Provided material:
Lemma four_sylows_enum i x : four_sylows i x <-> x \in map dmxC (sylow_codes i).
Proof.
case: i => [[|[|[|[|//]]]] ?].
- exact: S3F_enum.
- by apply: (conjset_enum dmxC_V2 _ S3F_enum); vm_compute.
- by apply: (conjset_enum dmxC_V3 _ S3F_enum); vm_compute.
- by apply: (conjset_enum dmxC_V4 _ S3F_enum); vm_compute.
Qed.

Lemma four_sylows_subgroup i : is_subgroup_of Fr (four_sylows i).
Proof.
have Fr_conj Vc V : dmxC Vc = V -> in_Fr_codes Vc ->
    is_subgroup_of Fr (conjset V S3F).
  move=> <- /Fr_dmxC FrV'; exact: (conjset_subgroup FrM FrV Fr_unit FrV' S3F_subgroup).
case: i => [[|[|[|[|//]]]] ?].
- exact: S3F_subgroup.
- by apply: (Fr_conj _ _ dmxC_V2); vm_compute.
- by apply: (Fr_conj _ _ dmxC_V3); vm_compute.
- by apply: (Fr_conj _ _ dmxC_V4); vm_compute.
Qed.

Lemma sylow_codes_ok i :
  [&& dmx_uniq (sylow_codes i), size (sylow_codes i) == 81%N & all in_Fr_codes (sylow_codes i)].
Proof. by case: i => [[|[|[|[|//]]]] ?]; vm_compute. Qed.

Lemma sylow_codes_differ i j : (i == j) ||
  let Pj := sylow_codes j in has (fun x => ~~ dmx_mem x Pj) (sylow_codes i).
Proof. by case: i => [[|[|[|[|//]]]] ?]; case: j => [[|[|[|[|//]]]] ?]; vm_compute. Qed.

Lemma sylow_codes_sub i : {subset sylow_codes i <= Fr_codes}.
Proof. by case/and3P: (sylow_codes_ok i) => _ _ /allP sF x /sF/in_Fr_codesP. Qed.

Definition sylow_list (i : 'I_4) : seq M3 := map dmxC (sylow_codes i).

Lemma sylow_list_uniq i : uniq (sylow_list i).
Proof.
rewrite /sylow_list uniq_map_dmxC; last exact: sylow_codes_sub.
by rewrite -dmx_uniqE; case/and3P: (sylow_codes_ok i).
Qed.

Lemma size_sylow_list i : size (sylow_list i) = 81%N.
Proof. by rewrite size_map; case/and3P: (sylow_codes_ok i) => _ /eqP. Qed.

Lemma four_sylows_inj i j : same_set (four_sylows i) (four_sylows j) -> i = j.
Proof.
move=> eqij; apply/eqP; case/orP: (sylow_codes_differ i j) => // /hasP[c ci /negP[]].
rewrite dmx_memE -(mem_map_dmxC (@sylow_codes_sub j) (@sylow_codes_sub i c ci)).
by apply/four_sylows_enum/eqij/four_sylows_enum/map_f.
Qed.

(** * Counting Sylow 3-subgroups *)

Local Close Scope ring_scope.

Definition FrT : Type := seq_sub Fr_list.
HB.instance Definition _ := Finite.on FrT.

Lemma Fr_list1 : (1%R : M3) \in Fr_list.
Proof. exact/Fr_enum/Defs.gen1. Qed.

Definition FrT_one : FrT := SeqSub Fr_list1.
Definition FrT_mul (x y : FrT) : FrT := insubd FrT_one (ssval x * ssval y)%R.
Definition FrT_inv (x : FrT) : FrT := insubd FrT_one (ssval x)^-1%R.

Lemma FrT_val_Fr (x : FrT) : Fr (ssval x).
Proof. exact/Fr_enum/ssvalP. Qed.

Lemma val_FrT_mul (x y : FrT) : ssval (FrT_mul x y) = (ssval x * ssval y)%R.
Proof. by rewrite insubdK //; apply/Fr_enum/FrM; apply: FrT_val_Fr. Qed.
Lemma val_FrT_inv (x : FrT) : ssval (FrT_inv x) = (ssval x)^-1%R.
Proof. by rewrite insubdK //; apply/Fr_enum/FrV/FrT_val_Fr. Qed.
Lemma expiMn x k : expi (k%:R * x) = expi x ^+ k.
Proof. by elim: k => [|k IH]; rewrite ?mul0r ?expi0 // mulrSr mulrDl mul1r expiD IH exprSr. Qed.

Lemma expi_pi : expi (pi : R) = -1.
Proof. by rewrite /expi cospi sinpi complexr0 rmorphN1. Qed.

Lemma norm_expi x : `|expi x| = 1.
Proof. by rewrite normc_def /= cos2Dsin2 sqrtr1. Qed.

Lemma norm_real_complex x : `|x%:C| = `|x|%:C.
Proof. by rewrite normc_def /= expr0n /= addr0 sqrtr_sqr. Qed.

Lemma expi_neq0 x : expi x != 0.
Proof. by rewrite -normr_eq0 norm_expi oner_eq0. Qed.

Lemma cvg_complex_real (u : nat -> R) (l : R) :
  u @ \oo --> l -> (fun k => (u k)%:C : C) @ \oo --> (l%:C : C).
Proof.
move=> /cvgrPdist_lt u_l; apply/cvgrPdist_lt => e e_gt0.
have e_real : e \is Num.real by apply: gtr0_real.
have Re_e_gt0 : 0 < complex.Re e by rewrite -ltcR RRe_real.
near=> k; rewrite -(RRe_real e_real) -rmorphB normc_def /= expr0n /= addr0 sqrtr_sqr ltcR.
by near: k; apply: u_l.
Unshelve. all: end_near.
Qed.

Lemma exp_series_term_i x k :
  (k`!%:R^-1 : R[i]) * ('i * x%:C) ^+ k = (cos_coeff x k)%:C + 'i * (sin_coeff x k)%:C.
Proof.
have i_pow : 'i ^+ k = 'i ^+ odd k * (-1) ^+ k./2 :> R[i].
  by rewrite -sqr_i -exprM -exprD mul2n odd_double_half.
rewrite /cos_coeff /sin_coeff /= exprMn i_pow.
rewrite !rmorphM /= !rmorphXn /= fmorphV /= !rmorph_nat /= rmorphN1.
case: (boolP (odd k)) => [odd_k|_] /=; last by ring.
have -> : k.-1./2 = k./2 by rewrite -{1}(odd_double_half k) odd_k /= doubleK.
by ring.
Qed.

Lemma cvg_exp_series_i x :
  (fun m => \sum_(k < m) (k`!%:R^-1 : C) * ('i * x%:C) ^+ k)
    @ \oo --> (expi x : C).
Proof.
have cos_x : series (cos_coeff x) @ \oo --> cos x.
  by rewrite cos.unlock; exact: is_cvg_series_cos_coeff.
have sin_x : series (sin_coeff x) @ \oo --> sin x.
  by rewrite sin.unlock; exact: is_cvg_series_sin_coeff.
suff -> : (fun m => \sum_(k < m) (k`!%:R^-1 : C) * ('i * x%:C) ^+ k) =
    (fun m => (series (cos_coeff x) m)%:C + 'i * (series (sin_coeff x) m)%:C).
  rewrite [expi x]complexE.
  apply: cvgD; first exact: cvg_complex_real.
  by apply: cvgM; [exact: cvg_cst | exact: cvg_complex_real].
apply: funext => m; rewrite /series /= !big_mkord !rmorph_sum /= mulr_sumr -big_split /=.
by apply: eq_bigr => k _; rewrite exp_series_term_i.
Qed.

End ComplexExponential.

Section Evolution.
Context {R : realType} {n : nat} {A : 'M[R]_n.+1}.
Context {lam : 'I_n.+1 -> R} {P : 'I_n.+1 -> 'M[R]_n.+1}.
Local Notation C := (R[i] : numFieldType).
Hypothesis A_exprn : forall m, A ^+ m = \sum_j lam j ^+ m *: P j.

What this task involves: From the first line through the last, repeat the entries exactly.

Your solution:
Lemma four_sylows_enum i x : four_sylows i x <-> x \in map dmxC (sylow_codes i).
Proof.
case: i => [[|[|[|[|//]]]] ?].
- exact: S3F_enum.
- by apply: (conjset_enum dmxC_V2 _ S3F_enum); vm_compute.
- by apply: (conjset_enum dmxC_V3 _ S3F_enum); vm_compute.
- by apply: (conjset_enum dmxC_V4 _ S3F_enum); vm_compute.
Qed.

Lemma four_sylows_subgroup i : is_subgroup_of Fr (four_sylows i).
Proof.
have Fr_conj Vc V : dmxC Vc = V -> in_Fr_codes Vc ->
    is_subgroup_of Fr (conjset V S3F).
  move=> <- /Fr_dmxC FrV'; exact: (conjset_subgroup FrM FrV Fr_unit FrV' S3F_subgroup).
case: i => [[|[|[|[|//]]]] ?].
- exact: S3F_subgroup.
- by apply: (Fr_conj _ _ dmxC_V2); vm_compute.
- by apply: (Fr_conj _ _ dmxC_V3); vm_compute.
- by apply: (Fr_conj _ _ dmxC_V4); vm_compute.
Qed.

Lemma sylow_codes_ok i :
  [&& dmx_uniq (sylow_codes i), size (sylow_codes i) == 81%N & all in_Fr_codes (sylow_codes i)].
Proof. by case: i => [[|[|[|[|//]]]] ?]; vm_compute. Qed.

Lemma sylow_codes_differ i j : (i == j) ||
  let Pj := sylow_codes j in has (fun x => ~~ dmx_mem x Pj) (sylow_codes i).
Proof. by case: i => [[|[|[|[|//]]]] ?]; case: j => [[|[|[|[|//]]]] ?]; vm_compute. Qed.

Lemma sylow_codes_sub i : {subset sylow_codes i <= Fr_codes}.
Proof. by case/and3P: (sylow_codes_ok i) => _ _ /allP sF x /sF/in_Fr_codesP. Qed.

Definition sylow_list (i : 'I_4) : seq M3 := map dmxC (sylow_codes i).

Lemma sylow_list_uniq i : uniq (sylow_list i).
Proof.
rewrite /sylow_list uniq_map_dmxC; last exact: sylow_codes_sub.
by rewrite -dmx_uniqE; case/and3P: (sylow_codes_ok i).
Qed.

Lemma size_sylow_list i : size (sylow_list i) = 81%N.
Proof. by rewrite size_map; case/and3P: (sylow_codes_ok i) => _ /eqP. Qed.

Lemma four_sylows_inj i j : same_set (four_sylows i) (four_sylows j) -> i = j.
Proof.
move=> eqij; apply/eqP; case/orP: (sylow_codes_differ i j) => // /hasP[c ci /negP[]].
rewrite dmx_memE -(mem_map_dmxC (@sylow_codes_sub j) (@sylow_codes_sub i c ci)).
by apply/four_sylows_enum/eqij/four_sylows_enum/map_f.
Qed.

(** * Counting Sylow 3-subgroups *)

Local Close Scope ring_scope.

Definition FrT : Type := seq_sub Fr_list.
HB.instance Definition _ := Finite.on FrT.

Lemma Fr_list1 : (1%R : M3) \in Fr_list.
Proof. exact/Fr_enum/Defs.gen1. Qed.

Definition FrT_one : FrT := SeqSub Fr_list1.
Definition FrT_mul (x y : FrT) : FrT := insubd FrT_one (ssval x * ssval y)%R.
Definition FrT_inv (x : FrT) : FrT := insubd FrT_one (ssval x)^-1%R.

Lemma FrT_val_Fr (x : FrT) : Fr (ssval x).
Proof. exact/Fr_enum/ssvalP. Qed.

Lemma val_FrT_mul (x y : FrT) : ssval (FrT_mul x y) = (ssval x * ssval y)%R.
Proof. by rewrite insubdK //; apply/Fr_enum/FrM; apply: FrT_val_Fr. Qed.
Lemma val_FrT_inv (x : FrT) : ssval (FrT_inv x) = (ssval x)^-1%R.
Proof. by rewrite insubdK //; apply/Fr_enum/FrV/FrT_val_Fr. Qed.
Lemma expiMn x k : expi (k%:R * x) = expi x ^+ k.
Proof. by elim: k => [|k IH]; rewrite ?mul0r ?expi0 // mulrSr mulrDl mul1r expiD IH exprSr. Qed.

Lemma expi_pi : expi (pi : R) = -1.
Proof. by rewrite /expi cospi sinpi complexr0 rmorphN1. Qed.

Lemma norm_expi x : `|expi x| = 1.
Proof. by rewrite normc_def /= cos2Dsin2 sqrtr1. Qed.

Lemma norm_real_complex x : `|x%:C| = `|x|%:C.
Proof. by rewrite normc_def /= expr0n /= addr0 sqrtr_sqr. Qed.

Lemma expi_neq0 x : expi x != 0.
Proof. by rewrite -normr_eq0 norm_expi oner_eq0. Qed.

Lemma cvg_complex_real (u : nat -> R) (l : R) :
  u @ \oo --> l -> (fun k => (u k)%:C : C) @ \oo --> (l%:C : C).
Proof.
move=> /cvgrPdist_lt u_l; apply/cvgrPdist_lt => e e_gt0.
have e_real : e \is Num.real by apply: gtr0_real.
have Re_e_gt0 : 0 < complex.Re e by rewrite -ltcR RRe_real.
near=> k; rewrite -(RRe_real e_real) -rmorphB normc_def /= expr0n /= addr0 sqrtr_sqr ltcR.
by near: k; apply: u_l.
Unshelve. all: end_near.
Qed.

Lemma exp_series_term_i x k :
  (k`!%:R^-1 : R[i]) * ('i * x%:C) ^+ k = (cos_coeff x k)%:C + 'i * (sin_coeff x k)%:C.
Proof.
have i_pow : 'i ^+ k = 'i ^+ odd k * (-1) ^+ k./2 :> R[i].
  by rewrite -sqr_i -exprM -exprD mul2n odd_double_half.
rewrite /cos_coeff /sin_coeff /= exprMn i_pow.
rewrite !rmorphM /= !rmorphXn /= fmorphV /= !rmorph_nat /= rmorphN1.
case: (boolP (odd k)) => [odd_k|_] /=; last by ring.
have -> : k.-1./2 = k./2 by rewrite -{1}(odd_double_half k) odd_k /= doubleK.
by ring.
Qed.

Lemma cvg_exp_series_i x :
  (fun m => \sum_(k < m) (k`!%:R^-1 : C) * ('i * x%:C) ^+ k)
    @ \oo --> (expi x : C).
Proof.
have cos_x : series (cos_coeff x) @ \oo --> cos x.
  by rewrite cos.unlock; exact: is_cvg_series_cos_coeff.
have sin_x : series (sin_coeff x) @ \oo --> sin x.
  by rewrite sin.unlock; exact: is_cvg_series_sin_coeff.
suff -> : (fun m => \sum_(k < m) (k`!%:R^-1 : C) * ('i * x%:C) ^+ k) =
    (fun m => (series (cos_coeff x) m)%:C + 'i * (series (sin_coeff x) m)%:C).
  rewrite [expi x]complexE.
  apply: cvgD; first exact: cvg_complex_real.
  by apply: cvgM; [exact: cvg_cst | exact: cvg_complex_real].
apply: funext => m; rewrite /series /= !big_mkord !rmorph_sum /= mulr_sumr -big_split /=.
by apply: eq_bigr => k _; rewrite exp_series_term_i.
Qed.

End ComplexExponential.

Section Evolution.
Context {R : realType} {n : nat} {A : 'M[R]_n.+1}.
Context {lam : 'I_n.+1 -> R} {P : 'I_n.+1 -> 'M[R]_n.+1}.
Local Notation C := (R[i] : numFieldType).
Hypothesis A_exprn : forall m, A ^+ m = \sum_j lam j ^+ m *: P j.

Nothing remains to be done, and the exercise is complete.